* Task objective: In the records below, locate the line containing "move=> Hvw; elim: t"; output that line and every following line through the last, exactly.

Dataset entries
(* Let $\mathcal V$ be a variety with a difference term, $A\in\mathcal V$, and $\alpha\in\operatorname{Con}A$ central, i.e. $[\alpha,1_A]=0$. Then \[A(\alpha)/\Delta_{\alpha\alpha}\cong A(\alpha)/\Delta_{\alpha1}\times A/\alpha.\]
   Context: All algebras are in the sense of universal algebra. For $\alpha,\beta\in\operatorname{Con}A$, $[\alpha,\beta]$ is the term-condition (TC) commutator; $1_A$ is the total relation. $A(\alpha)=\{(x,y)\in A\times A:(x,y)\in\alpha\}$ is $\alpha$ viewed as a subalgebra of $A\times A$; $\Delta_{\alpha\beta}$ is the congruence of $A(\alpha)$ generated by $\{((u,u),(v,v)):(u,v)\in\beta\}$. A difference term for $\mathcal V$ is a ternary term $d$ such that for every $A\in\mathcal V$, $\theta\in\operatorname{Con}A$, $(a,b)\in\theta$: $d(a,a,b)=b$ and $(d(a,b,b),a)\in[\theta,\theta]$. *)

From mathcomp Require Import all_boot.
From Stdlib Require Import ClassicalEpsilon.
Set Implicit Arguments. Unset Strict Implicit. Unset Printing Implicit Defensive.

Record signature := Signature { op : Type; arity : op -> nat }.

Record algebra (S : signature) := Algebra {
  carrier :> Type;
  interp : forall f : op S, ('I_(arity f) -> carrier) -> carrier }.
Arguments interp {S} _ _ _.

Definition compatible S (A : algebra S) (R : A -> A -> Prop) :=
  forall (f : op S) (a b : 'I_(arity f) -> A),
    (forall i, R (a i) (b i)) -> R (interp A f a) (interp A f b).

Definition is_congruence S (A : algebra S) (R : A -> A -> Prop) :=
  [/\ (forall x, R x x), (forall x y, R x y -> R y x),
      (forall x y z, R x y -> R y z -> R x z) & compatible R].

Definition total_rel (T : Type) : T -> T -> Prop := fun _ _ => True.

Definition Cg S (A : algebra S) (X : A -> A -> Prop) : A -> A -> Prop :=
  fun x y => forall R, is_congruence R -> (forall u v, X u v -> R u v) -> R x y.

Inductive term (S : signature) (X : Type) : Type :=
  | Var : X -> term S X
  | App : forall f : op S, ('I_(arity f) -> term S X) -> term S X.
Arguments Var {S X} x.
Arguments App {S X} f ts.

Fixpoint eval S (A : algebra S) X (v : X -> A) (t : term S X) : A :=
  match t with
  | Var x => v x
  | App f ts => interp A f (fun i => eval v (ts i))
  end.

Definition satisfies S (A : algebra S) (s t : term S nat) :=
  forall v : nat -> A, eval v s = eval v t.

Definition is_variety S (V : algebra S -> Prop) :=
  exists E : term S nat -> term S nat -> Prop,
    forall A : algebra S, V A <-> (forall s t, E s t -> satisfies A s t).

Definition sum_asg (T : Type) (a c : nat -> T) : nat + nat -> T :=
  fun z => match z with inl i => a i | inr j => c j end.

Definition centralizes S (A : algebra S) (alpha beta delta : A -> A -> Prop) :=
  forall (t : term S (nat + nat)) (a b c d : nat -> A),
    (forall i, alpha (a i) (b i)) -> (forall j, beta (c j) (d j)) ->
    delta (eval (sum_asg a c) t) (eval (sum_asg a d) t) ->
    delta (eval (sum_asg b c) t) (eval (sum_asg b d) t).

Definition commutator S (A : algebra S) (alpha beta : A -> A -> Prop) : A -> A -> Prop :=
  fun x y => forall delta, is_congruence delta -> centralizes alpha beta delta -> delta x y.

Definition asg3 (T : Type) (x y z : T) : nat -> T :=
  fun i => match i with 0 => x | 1 => y | _ => z end.

Definition is_difference_term S (V : algebra S -> Prop) (d : term S nat) :=
  forall A : algebra S, V A ->
  forall theta : A -> A -> Prop, is_congruence theta ->
  forall a b : A, theta a b ->
    eval (asg3 a a b) d = b /\ commutator theta theta (eval (asg3 a b b) d) a.

Definition prod_alg S (A B : algebra S) : algebra S :=
  @Algebra S (A * B)%type
    (fun f a => (interp A f (fun i => (a i).1), interp B f (fun i => (a i).2))).

(* A(alpha): alpha as a subalgebra of A x A *)
Definition cong_alg S (A : algebra S) (alpha : A -> A -> Prop)
  (H : is_congruence alpha) : algebra S.
Proof.
refine (@Algebra S {p : A * A | alpha p.1 p.2}
  (fun f a => exist _ (interp A f (fun i => (sval (a i)).1),
                       interp A f (fun i => (sval (a i)).2)) _)).
case: H => _ _ _ Hc; apply: Hc => i; exact: (svalP (a i)).
Defined.

Definition Delta S (A : algebra S) (alpha beta : A -> A -> Prop)
  (H : is_congruence alpha) : cong_alg H -> cong_alg H -> Prop :=
  Cg (fun p q : cong_alg H =>
        exists u v, beta u v /\ sval p = (u, u) /\ sval q = (v, v)).

Definition quot_carrier S (A : algebra S) (theta : A -> A -> Prop) :=
  {P : A -> Prop | exists a, P = theta a}.

Definition class_rep S (A : algebra S) (theta : A -> A -> Prop)
  (c : quot_carrier theta) : A :=
  proj1_sig (constructive_indefinite_description _ (proj2_sig c)).

Definition class_of S (A : algebra S) (theta : A -> A -> Prop) (a : A)
  : quot_carrier theta := exist _ (theta a) (ex_intro _ a erefl).

Definition quot_alg S (A : algebra S) (theta : A -> A -> Prop) : algebra S :=
  @Algebra S (quot_carrier theta)
    (fun f c => class_of theta (interp A f (fun i => class_rep (c i)))).

Definition is_hom S (A B : algebra S) (h : A -> B) :=
  forall (f : op S) (a : 'I_(arity f) -> A),
    h (interp A f a) = interp B f (fun i => h (a i)).

Definition isomorphic S (A B : algebra S) :=
  exists h : A -> B, is_hom h /\ bijective h.
Arguments Delta {S A} alpha beta H _ _.
Arguments cong_alg {S A} alpha H.

From mathcomp Require Import all_boot.
From Stdlib Require Import FunctionalExtensionality ProofIrrelevance PropExtensionality ClassicalEpsilon.
Set Implicit Arguments. Unset Strict Implicit. Unset Printing Implicit Defensive.

(* Let d be a difference term and alpha a central congruence of A, [alpha,1] = 0.
   Then d(x,x,y) = y, d(x,y,y) = x on alpha-related pairs, and alpha centralizes 1
   modulo equality.  From these three facts we derive that d behaves like x - y + z
   across alpha: the maps z |-> d(y,x,z) (x alpha y) commute with the basic
   operations and compose like translations.  Consequently the relation
     (p1,p2) ~ (q1,q2)  iff  q2 = d(p2,p1,q1)
   is a congruence of A(alpha); it coincides with Delta_{alpha 1}, and
   Delta_{alpha alpha} is its meet with the kernel of (p1,p2) |-> p1/alpha.
   Since every pair can be moved along ~ to any first coordinate, a Chinese
   remainder argument for quotients, proved first in general, yields
     A(alpha)/Delta_{alpha alpha} ~= A(alpha)/Delta_{alpha 1} x A/alpha. *)

Fixpoint term_subst S X Y (t : term S X) (s : X -> term S Y) : term S Y :=
  match t with Var x => s x | App f ts => App f (fun i => term_subst (ts i) s) end.

Lemma eval_subst S (A : algebra S) X Y (v : Y -> A) (t : term S X) s :
  eval v (term_subst t s) = eval (fun x => eval v (s x)) t.
Proof.
elim: t => [x|f ts IH] //=; congr (interp A f).
by apply: functional_extensionality => i; exact: IH.
Qed.

Section Congruences.
Variables (S : signature) (A : algebra S) (R : A -> A -> Prop).
Hypothesis R_cong : is_congruence R.

Lemma cong_refl x : R x x.
Proof. by case: R_cong. Qed.

Lemma cong_sym x y : R x y -> R y x.
Proof. by case: R_cong => _ Hs _ _; exact: Hs. Qed.

Lemma cong_trans x y z : R x y -> R y z -> R x z.
Proof. by case: R_cong => _ _ Ht _; exact: Ht. Qed.

Lemma cong_compat f (a b : 'I_(arity f) -> A) :
  (forall i, R (a i) (b i)) -> R (interp A f a) (interp A f b).
Proof. by case: R_cong => _ _ _ Hc; exact: Hc. Qed.

Lemma eval_compat X (t : term S X) (v w : X -> A) :
  (forall x, R (v x) (w x)) -> R (eval v t) (eval w t).
Proof.
move=> Hvw; elim: t => [x|f ts IH] /=; first exact: Hvw.
by apply: cong_compat => i; exact: IH.
Qed.
End Congruences.

Lemma Cg_congruence S (A : algebra S) (X : A -> A -> Prop) : is_congruence (Cg X).
Proof.
split.
- by move=> x R HR _; exact: cong_refl.
- by move=> x y H R HR HX; apply: (cong_sym HR); exact: H.
- by move=> x y z H1 H2 R HR HX; apply: (cong_trans HR (H1 R HR HX)); exact: H2.
- by move=> f a b H R HR HX; apply: (cong_compat HR) => i; exact: H.
Qed.

Lemma Cg_gen S (A : algebra S) (X : A -> A -> Prop) u v : X u v -> Cg X u v.
Proof. by move=> H R _ HX; exact: HX. Qed.

Lemma Cg_least S (A : algebra S) (X R : A -> A -> Prop) : is_congruence R ->
  (forall u v, X u v -> R u v) -> forall x y, Cg X x y -> R x y.
Proof. by move=> HR HX x y H; exact: H. Qed.

Section Quotients.
Variables (S : signature) (B : algebra S) (theta : B -> B -> Prop).
Hypothesis theta_cong : is_congruence theta.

* Solution to this task:
move=> Hvw; elim: t => [x|f ts IH] /=; first exact: Hvw.
by apply: cong_compat => i; exact: IH.
Qed.
End Congruences.

Lemma Cg_congruence S (A : algebra S) (X : A -> A -> Prop) : is_congruence (Cg X).
Proof.
split.
- by move=> x R HR _; exact: cong_refl.
- by move=> x y H R HR HX; apply: (cong_sym HR); exact: H.
- by move=> x y z H1 H2 R HR HX; apply: (cong_trans HR (H1 R HR HX)); exact: H2.
- by move=> f a b H R HR HX; apply: (cong_compat HR) => i; exact: H.
Qed.

Lemma Cg_gen S (A : algebra S) (X : A -> A -> Prop) u v : X u v -> Cg X u v.
Proof. by move=> H R _ HX; exact: HX. Qed.

Lemma Cg_least S (A : algebra S) (X R : A -> A -> Prop) : is_congruence R ->
  (forall u v, X u v -> R u v) -> forall x y, Cg X x y -> R x y.
Proof. by move=> HR HX x y H; exact: H. Qed.

Section Quotients.
Variables (S : signature) (B : algebra S) (theta : B -> B -> Prop).
Hypothesis theta_cong : is_congruence theta.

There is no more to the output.